Recorded data:
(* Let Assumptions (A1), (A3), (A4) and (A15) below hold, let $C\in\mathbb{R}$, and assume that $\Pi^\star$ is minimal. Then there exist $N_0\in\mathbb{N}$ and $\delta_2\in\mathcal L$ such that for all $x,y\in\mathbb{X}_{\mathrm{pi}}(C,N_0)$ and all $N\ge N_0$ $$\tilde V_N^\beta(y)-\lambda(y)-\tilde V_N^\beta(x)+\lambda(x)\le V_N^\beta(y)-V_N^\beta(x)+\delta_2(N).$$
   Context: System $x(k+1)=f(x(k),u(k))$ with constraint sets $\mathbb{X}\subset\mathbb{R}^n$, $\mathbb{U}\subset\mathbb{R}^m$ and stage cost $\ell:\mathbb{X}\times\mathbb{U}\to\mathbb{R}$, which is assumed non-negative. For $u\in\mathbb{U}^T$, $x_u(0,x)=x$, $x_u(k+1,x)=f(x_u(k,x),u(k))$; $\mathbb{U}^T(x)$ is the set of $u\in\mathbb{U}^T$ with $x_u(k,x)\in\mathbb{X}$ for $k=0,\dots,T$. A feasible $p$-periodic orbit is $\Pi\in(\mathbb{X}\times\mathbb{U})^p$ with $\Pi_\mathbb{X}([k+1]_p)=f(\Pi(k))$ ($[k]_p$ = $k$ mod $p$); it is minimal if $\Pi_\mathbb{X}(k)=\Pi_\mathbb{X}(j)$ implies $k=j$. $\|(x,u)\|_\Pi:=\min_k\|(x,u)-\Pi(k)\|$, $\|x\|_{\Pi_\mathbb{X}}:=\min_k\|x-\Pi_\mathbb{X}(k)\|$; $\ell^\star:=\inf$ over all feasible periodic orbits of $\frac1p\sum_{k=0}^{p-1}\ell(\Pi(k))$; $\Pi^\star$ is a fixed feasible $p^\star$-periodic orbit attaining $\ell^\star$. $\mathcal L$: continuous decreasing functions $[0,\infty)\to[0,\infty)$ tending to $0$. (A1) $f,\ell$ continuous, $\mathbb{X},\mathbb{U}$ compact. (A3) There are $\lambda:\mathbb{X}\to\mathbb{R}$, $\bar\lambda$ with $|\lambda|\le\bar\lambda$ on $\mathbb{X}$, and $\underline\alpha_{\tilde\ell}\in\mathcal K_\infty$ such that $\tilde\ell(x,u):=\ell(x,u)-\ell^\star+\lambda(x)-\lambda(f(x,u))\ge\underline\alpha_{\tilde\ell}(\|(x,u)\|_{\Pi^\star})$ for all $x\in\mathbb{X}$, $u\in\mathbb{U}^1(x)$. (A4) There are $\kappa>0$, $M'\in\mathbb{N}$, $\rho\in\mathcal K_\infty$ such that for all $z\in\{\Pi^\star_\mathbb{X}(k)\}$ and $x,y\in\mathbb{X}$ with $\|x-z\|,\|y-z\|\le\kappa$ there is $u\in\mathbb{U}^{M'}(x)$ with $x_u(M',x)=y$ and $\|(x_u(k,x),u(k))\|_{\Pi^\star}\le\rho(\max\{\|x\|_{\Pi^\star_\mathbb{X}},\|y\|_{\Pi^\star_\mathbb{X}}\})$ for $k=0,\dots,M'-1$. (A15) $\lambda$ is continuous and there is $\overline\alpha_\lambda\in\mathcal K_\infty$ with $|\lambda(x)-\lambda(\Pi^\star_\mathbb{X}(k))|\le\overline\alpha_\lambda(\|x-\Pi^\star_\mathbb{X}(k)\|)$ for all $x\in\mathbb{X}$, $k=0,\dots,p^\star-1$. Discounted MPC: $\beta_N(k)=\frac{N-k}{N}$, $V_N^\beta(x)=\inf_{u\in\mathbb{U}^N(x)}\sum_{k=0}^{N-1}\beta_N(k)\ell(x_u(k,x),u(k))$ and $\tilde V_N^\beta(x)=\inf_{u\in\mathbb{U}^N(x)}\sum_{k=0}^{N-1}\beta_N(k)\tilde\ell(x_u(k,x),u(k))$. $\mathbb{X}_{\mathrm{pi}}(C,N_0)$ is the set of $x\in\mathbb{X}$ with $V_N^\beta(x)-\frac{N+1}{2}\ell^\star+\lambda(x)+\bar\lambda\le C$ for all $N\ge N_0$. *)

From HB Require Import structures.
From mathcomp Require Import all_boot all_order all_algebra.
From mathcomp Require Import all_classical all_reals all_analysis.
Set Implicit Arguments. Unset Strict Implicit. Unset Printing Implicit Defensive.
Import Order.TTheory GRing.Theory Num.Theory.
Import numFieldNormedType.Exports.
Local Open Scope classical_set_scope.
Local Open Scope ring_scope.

EXERCISE INSTRUCTIONS:
Give an exact reproduction of the lines from the one with "Set Implicit Arguments." to the final line of the entries, including both.

TASK OUTPUT:
Set Implicit Arguments. Unset Strict Implicit. Unset Printing Implicit Defensive.
Import Order.TTheory GRing.Theory Num.Theory.
Import numFieldNormedType.Exports.
Local Open Scope classical_set_scope.
Local Open Scope ring_scope.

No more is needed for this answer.